Entries taken from a collection
+++++

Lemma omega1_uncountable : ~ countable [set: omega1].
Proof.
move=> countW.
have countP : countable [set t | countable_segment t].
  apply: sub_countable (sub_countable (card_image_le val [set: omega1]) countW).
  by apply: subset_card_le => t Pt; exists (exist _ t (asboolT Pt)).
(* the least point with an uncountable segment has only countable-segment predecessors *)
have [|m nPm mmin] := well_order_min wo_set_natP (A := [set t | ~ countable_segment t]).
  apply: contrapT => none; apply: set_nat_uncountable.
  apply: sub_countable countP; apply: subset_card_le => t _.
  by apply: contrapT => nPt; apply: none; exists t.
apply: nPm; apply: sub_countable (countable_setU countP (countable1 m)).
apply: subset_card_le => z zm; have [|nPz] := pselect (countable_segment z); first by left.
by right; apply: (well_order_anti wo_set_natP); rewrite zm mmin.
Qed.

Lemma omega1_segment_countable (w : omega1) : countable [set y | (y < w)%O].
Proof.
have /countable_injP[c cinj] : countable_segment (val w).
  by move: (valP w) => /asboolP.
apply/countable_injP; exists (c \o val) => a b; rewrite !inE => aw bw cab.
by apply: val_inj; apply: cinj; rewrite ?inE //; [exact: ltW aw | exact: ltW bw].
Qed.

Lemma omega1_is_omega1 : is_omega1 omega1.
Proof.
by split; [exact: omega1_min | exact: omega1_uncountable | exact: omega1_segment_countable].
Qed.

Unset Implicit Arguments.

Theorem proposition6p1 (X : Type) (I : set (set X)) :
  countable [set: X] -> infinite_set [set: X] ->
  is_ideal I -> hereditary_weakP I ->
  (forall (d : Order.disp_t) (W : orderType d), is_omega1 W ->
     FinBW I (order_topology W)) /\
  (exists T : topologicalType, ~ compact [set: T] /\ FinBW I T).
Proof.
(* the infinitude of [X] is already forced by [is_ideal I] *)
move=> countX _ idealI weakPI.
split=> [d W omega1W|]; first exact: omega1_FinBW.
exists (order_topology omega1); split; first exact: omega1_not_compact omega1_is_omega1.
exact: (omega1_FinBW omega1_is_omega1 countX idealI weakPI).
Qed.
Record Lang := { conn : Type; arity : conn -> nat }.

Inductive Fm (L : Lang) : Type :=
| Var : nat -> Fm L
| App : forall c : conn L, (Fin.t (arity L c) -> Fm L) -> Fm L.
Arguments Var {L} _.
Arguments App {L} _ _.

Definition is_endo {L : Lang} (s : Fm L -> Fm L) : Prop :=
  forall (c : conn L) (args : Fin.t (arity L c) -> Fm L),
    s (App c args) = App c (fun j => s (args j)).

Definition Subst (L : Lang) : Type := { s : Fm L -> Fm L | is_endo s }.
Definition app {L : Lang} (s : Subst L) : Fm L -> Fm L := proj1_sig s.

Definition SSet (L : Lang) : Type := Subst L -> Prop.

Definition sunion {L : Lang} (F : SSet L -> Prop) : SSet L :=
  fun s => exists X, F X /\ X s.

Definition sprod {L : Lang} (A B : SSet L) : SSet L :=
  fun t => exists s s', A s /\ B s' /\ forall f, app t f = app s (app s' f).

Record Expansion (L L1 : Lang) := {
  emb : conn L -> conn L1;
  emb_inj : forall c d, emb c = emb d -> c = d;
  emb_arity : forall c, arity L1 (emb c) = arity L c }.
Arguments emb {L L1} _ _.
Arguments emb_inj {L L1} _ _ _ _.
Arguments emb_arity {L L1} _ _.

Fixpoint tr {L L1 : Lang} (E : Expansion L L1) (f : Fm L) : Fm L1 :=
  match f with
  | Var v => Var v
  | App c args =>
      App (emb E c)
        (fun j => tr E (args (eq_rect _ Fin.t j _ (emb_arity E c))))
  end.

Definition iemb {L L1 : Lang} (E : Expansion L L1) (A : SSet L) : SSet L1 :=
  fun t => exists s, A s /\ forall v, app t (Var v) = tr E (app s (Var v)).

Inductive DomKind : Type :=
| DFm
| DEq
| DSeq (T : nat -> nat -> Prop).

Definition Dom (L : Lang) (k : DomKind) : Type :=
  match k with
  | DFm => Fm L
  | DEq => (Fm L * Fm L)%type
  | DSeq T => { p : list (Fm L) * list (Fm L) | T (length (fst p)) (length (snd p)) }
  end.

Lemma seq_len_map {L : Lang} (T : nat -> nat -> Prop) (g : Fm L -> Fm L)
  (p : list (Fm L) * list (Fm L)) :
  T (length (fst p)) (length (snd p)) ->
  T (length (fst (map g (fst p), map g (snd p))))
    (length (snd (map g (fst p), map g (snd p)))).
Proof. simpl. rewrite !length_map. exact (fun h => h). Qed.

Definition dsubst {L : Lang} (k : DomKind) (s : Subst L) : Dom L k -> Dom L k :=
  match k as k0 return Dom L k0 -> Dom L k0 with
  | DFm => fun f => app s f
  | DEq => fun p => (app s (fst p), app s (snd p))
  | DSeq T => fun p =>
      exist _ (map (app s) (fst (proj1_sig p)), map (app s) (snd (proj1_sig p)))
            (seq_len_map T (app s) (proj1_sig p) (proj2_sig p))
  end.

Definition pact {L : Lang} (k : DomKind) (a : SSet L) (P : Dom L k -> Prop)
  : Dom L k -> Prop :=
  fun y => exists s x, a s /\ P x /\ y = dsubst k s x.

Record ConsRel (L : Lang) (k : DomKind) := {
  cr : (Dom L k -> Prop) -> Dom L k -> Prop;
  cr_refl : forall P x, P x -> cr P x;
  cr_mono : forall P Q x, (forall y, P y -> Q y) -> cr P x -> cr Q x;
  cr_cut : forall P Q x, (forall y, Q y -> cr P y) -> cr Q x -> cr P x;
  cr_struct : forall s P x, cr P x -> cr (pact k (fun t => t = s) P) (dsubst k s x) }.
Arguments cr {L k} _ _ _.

+++++

In the entries above, restate word for word the lines between the one holding "Lemma omega1_segment_countable (w" and the one holding "nat -> Fm L", inclusive, and nothing besides.

__SOLUTION__.
Lemma omega1_segment_countable (w : omega1) : countable [set y | (y < w)%O].
Proof.
have /countable_injP[c cinj] : countable_segment (val w).
  by move: (valP w) => /asboolP.
apply/countable_injP; exists (c \o val) => a b; rewrite !inE => aw bw cab.
by apply: val_inj; apply: cinj; rewrite ?inE //; [exact: ltW aw | exact: ltW bw].
Qed.

Lemma omega1_is_omega1 : is_omega1 omega1.
Proof.
by split; [exact: omega1_min | exact: omega1_uncountable | exact: omega1_segment_countable].
Qed.

Unset Implicit Arguments.

Theorem proposition6p1 (X : Type) (I : set (set X)) :
  countable [set: X] -> infinite_set [set: X] ->
  is_ideal I -> hereditary_weakP I ->
  (forall (d : Order.disp_t) (W : orderType d), is_omega1 W ->
     FinBW I (order_topology W)) /\
  (exists T : topologicalType, ~ compact [set: T] /\ FinBW I T).
Proof.
(* the infinitude of [X] is already forced by [is_ideal I] *)
move=> countX _ idealI weakPI.
split=> [d W omega1W|]; first exact: omega1_FinBW.
exists (order_topology omega1); split; first exact: omega1_not_compact omega1_is_omega1.
exact: (omega1_FinBW omega1_is_omega1 countX idealI weakPI).
Qed.
Record Lang := { conn : Type; arity : conn -> nat }.

Inductive Fm (L : Lang) : Type :=
| Var : nat -> Fm L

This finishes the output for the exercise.